▶ PROVIDED MATERIAL:
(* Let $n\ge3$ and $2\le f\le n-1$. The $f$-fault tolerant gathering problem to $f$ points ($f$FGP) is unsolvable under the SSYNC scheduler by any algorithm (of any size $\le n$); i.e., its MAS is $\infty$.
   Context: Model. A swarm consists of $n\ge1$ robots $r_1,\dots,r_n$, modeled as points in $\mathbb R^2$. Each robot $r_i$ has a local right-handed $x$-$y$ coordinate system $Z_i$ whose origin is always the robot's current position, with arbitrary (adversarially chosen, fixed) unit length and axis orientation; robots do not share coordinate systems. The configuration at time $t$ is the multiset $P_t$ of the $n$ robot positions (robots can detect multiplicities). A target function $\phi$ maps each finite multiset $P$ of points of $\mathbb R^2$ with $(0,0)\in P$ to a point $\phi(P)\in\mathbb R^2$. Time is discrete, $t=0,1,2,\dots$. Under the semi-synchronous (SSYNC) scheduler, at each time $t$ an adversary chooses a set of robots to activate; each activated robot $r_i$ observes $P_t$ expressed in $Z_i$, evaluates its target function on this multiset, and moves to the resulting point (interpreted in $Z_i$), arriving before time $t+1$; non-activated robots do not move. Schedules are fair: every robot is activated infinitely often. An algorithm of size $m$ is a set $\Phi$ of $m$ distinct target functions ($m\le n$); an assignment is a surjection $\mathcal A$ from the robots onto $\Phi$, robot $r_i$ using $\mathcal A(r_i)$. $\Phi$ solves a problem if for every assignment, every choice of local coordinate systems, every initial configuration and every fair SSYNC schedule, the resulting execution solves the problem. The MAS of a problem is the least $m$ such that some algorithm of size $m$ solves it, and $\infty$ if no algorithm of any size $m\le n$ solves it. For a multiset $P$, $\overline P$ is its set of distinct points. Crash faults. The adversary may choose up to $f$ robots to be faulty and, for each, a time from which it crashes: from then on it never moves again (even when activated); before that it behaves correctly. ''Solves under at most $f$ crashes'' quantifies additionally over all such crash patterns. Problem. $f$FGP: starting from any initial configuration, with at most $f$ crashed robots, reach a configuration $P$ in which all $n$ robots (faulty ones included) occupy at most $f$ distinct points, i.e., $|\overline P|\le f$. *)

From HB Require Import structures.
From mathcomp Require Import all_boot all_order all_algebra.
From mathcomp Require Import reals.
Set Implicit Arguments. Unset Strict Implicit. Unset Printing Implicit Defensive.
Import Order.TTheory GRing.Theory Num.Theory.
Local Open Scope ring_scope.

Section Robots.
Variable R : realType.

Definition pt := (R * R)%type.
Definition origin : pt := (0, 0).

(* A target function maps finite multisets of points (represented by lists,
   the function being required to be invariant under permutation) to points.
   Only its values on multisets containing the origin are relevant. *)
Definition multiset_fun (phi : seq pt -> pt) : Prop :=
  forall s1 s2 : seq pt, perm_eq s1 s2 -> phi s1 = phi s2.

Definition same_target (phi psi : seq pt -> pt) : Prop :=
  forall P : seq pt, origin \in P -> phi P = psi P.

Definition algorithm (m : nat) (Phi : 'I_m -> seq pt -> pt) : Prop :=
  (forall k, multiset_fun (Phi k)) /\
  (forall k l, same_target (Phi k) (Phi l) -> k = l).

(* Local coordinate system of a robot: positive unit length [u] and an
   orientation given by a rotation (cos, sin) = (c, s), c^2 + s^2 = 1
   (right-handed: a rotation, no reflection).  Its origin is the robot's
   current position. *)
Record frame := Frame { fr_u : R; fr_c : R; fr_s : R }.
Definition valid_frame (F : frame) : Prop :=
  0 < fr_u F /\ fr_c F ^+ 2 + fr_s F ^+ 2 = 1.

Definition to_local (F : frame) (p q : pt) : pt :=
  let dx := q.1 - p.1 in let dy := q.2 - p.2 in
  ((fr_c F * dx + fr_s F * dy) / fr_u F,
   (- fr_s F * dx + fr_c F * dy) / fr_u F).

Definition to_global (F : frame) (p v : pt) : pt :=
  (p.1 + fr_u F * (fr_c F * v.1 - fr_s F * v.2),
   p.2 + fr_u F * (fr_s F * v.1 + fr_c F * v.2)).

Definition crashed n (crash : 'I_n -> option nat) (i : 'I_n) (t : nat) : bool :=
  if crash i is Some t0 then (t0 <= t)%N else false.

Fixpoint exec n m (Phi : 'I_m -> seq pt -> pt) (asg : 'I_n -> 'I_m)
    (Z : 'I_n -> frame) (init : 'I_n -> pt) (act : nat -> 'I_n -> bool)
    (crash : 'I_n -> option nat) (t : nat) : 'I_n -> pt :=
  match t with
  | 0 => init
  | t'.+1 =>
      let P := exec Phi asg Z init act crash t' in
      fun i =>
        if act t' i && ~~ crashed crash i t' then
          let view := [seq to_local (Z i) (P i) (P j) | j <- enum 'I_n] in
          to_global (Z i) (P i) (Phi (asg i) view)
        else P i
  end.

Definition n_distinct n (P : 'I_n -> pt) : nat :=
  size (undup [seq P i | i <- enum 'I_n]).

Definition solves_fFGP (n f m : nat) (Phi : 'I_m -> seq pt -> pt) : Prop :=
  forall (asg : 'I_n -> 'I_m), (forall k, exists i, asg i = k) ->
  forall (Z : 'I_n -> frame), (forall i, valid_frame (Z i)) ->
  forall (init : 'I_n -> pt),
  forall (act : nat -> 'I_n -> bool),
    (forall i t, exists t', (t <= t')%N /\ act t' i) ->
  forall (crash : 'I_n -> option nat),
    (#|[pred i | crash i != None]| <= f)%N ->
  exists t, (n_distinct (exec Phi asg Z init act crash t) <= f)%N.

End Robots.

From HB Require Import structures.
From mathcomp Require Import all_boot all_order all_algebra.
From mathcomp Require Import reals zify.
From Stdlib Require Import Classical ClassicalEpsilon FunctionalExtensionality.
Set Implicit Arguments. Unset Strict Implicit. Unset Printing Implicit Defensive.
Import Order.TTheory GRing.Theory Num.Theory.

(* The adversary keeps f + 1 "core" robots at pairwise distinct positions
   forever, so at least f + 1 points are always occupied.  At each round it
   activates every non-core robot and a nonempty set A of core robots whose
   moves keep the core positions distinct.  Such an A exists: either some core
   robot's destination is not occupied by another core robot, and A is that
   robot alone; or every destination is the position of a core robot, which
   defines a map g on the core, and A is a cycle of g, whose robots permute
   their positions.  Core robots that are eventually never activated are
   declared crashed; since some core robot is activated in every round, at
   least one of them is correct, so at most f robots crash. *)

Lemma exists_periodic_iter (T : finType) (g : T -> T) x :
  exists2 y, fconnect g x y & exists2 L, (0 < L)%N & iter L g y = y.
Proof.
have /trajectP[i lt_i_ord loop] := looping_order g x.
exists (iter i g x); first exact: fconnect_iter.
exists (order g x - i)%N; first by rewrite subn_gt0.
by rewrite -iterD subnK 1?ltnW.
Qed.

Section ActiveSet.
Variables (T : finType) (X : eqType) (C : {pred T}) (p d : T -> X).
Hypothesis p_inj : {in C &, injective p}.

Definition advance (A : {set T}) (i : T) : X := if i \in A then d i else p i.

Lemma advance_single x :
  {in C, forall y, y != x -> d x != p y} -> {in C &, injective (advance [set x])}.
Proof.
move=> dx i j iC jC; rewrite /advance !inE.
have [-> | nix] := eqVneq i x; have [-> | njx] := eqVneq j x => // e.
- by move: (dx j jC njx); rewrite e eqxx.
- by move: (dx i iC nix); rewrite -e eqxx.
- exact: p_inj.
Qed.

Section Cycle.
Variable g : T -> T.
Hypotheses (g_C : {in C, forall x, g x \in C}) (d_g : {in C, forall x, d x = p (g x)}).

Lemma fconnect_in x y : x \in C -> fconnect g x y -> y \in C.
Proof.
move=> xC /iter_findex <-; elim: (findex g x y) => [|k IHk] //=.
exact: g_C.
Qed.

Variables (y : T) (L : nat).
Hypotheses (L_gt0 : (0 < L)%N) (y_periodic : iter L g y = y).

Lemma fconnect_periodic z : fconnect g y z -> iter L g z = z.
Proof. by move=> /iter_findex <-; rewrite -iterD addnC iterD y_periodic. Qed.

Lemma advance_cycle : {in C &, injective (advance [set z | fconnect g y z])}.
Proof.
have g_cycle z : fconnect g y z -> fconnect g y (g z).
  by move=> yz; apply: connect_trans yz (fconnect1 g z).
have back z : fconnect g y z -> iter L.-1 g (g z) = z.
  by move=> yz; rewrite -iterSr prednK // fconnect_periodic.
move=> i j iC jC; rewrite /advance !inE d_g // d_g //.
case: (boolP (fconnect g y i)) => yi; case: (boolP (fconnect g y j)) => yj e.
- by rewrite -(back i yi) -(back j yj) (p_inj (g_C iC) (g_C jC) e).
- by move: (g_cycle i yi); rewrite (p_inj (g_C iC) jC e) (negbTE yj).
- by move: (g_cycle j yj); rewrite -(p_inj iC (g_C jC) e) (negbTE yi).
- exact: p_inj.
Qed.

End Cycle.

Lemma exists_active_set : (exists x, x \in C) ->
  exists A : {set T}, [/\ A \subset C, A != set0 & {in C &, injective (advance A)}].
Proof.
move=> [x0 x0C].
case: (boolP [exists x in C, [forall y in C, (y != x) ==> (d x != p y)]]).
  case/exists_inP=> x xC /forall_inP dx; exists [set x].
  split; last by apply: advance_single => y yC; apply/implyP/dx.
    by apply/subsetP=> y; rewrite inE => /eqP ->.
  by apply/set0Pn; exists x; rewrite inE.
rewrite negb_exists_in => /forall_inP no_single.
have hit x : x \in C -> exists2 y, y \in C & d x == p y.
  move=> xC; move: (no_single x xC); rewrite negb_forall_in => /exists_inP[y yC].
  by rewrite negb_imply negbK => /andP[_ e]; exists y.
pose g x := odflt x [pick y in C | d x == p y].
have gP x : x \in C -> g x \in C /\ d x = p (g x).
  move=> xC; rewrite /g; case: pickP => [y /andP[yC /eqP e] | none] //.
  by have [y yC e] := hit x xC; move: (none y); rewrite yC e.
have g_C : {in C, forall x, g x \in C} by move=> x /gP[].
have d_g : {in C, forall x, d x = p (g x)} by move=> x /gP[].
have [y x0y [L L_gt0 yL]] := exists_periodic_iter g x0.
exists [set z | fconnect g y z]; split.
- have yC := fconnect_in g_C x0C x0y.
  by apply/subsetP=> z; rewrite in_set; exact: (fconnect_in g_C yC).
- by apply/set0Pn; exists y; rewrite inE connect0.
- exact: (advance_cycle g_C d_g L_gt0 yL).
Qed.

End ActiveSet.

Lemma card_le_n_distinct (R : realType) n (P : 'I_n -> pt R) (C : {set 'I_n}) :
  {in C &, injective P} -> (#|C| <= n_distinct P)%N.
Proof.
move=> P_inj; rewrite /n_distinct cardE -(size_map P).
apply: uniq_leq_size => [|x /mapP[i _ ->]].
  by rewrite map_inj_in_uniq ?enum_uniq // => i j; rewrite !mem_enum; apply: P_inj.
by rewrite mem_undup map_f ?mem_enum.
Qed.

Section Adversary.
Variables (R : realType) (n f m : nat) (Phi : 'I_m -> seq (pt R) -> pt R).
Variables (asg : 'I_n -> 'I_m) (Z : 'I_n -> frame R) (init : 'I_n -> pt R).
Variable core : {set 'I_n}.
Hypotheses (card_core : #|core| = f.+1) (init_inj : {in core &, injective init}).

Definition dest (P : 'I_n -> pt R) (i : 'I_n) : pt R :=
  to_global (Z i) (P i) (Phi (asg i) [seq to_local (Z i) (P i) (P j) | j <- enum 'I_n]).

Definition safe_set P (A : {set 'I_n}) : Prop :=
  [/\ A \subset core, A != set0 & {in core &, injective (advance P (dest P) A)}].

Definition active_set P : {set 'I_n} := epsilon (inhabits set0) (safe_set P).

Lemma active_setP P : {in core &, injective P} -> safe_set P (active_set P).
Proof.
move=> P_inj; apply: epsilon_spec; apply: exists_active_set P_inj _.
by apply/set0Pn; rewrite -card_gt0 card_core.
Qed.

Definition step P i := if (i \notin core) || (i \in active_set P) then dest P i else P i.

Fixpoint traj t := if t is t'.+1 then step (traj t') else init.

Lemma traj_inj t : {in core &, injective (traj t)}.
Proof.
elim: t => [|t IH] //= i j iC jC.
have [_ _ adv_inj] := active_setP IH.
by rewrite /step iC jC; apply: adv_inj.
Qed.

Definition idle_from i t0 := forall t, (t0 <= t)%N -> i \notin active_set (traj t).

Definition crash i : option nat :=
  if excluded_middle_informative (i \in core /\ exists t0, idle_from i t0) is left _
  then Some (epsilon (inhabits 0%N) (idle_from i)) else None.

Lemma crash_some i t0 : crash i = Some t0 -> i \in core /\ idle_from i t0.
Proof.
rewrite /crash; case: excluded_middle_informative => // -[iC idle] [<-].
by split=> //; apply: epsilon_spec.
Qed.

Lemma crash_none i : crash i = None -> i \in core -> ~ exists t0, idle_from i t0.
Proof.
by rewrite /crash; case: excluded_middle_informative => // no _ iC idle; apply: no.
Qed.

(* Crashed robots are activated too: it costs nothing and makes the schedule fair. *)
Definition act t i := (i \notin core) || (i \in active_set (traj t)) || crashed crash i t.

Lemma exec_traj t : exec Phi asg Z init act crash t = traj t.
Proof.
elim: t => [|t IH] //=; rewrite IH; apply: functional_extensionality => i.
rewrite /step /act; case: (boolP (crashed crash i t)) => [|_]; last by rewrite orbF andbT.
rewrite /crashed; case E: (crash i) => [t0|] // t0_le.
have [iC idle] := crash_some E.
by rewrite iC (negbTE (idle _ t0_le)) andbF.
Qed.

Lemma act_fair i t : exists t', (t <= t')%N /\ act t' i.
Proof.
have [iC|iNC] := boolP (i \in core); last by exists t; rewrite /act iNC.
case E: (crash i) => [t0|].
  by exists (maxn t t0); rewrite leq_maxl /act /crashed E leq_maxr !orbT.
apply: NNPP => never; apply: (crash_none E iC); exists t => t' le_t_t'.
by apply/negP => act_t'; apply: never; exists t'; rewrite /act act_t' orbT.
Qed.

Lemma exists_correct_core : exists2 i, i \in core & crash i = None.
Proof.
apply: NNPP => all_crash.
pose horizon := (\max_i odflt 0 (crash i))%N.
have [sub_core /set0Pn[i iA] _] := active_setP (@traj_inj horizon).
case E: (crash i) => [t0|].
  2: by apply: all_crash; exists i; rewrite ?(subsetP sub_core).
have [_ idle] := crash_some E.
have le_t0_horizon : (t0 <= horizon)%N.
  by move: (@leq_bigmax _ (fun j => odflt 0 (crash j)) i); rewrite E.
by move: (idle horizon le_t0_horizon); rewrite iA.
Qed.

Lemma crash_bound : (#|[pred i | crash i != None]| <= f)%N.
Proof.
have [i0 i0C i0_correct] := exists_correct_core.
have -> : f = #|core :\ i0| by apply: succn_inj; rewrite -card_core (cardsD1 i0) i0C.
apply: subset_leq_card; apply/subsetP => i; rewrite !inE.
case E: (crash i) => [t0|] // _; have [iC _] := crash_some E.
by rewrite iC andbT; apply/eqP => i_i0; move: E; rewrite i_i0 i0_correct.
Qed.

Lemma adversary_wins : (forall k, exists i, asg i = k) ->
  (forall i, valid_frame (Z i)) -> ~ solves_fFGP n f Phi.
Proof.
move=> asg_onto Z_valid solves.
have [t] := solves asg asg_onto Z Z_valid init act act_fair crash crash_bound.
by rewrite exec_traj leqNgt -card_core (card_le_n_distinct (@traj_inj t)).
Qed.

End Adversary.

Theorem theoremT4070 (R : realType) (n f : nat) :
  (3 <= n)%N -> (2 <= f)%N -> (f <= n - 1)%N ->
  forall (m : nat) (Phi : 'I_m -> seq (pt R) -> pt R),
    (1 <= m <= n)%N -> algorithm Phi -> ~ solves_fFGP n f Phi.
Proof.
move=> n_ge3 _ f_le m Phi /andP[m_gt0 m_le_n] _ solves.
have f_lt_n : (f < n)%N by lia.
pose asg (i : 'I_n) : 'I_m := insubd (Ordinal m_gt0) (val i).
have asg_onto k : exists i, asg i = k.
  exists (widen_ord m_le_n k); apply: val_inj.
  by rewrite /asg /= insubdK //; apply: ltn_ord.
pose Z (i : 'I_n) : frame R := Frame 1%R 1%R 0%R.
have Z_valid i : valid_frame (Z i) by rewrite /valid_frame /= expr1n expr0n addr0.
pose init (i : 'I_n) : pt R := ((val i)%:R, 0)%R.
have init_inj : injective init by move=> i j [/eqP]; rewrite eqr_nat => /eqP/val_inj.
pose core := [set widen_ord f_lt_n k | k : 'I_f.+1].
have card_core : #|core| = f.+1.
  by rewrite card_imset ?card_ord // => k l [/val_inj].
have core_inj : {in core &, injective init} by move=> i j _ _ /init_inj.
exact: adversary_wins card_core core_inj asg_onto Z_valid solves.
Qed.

▶ ACTIVITY:
Set down exactly the line that holds "(3 <= n)%N -> (2 <= f)%N" and all lines after it to the end of the data.

▶ TASK SOLUTION:
  (3 <= n)%N -> (2 <= f)%N -> (f <= n - 1)%N ->
  forall (m : nat) (Phi : 'I_m -> seq (pt R) -> pt R),
    (1 <= m <= n)%N -> algorithm Phi -> ~ solves_fFGP n f Phi.
Proof.
move=> n_ge3 _ f_le m Phi /andP[m_gt0 m_le_n] _ solves.
have f_lt_n : (f < n)%N by lia.
pose asg (i : 'I_n) : 'I_m := insubd (Ordinal m_gt0) (val i).
have asg_onto k : exists i, asg i = k.
  exists (widen_ord m_le_n k); apply: val_inj.
  by rewrite /asg /= insubdK //; apply: ltn_ord.
pose Z (i : 'I_n) : frame R := Frame 1%R 1%R 0%R.
have Z_valid i : valid_frame (Z i) by rewrite /valid_frame /= expr1n expr0n addr0.
pose init (i : 'I_n) : pt R := ((val i)%:R, 0)%R.
have init_inj : injective init by move=> i j [/eqP]; rewrite eqr_nat => /eqP/val_inj.
pose core := [set widen_ord f_lt_n k | k : 'I_f.+1].
have card_core : #|core| = f.+1.
  by rewrite card_imset ?card_ord // => k l [/val_inj].
have core_inj : {in core &, injective init} by move=> i j _ _ /init_inj.
exact: adversary_wins card_core core_inj asg_onto Z_valid solves.
Qed.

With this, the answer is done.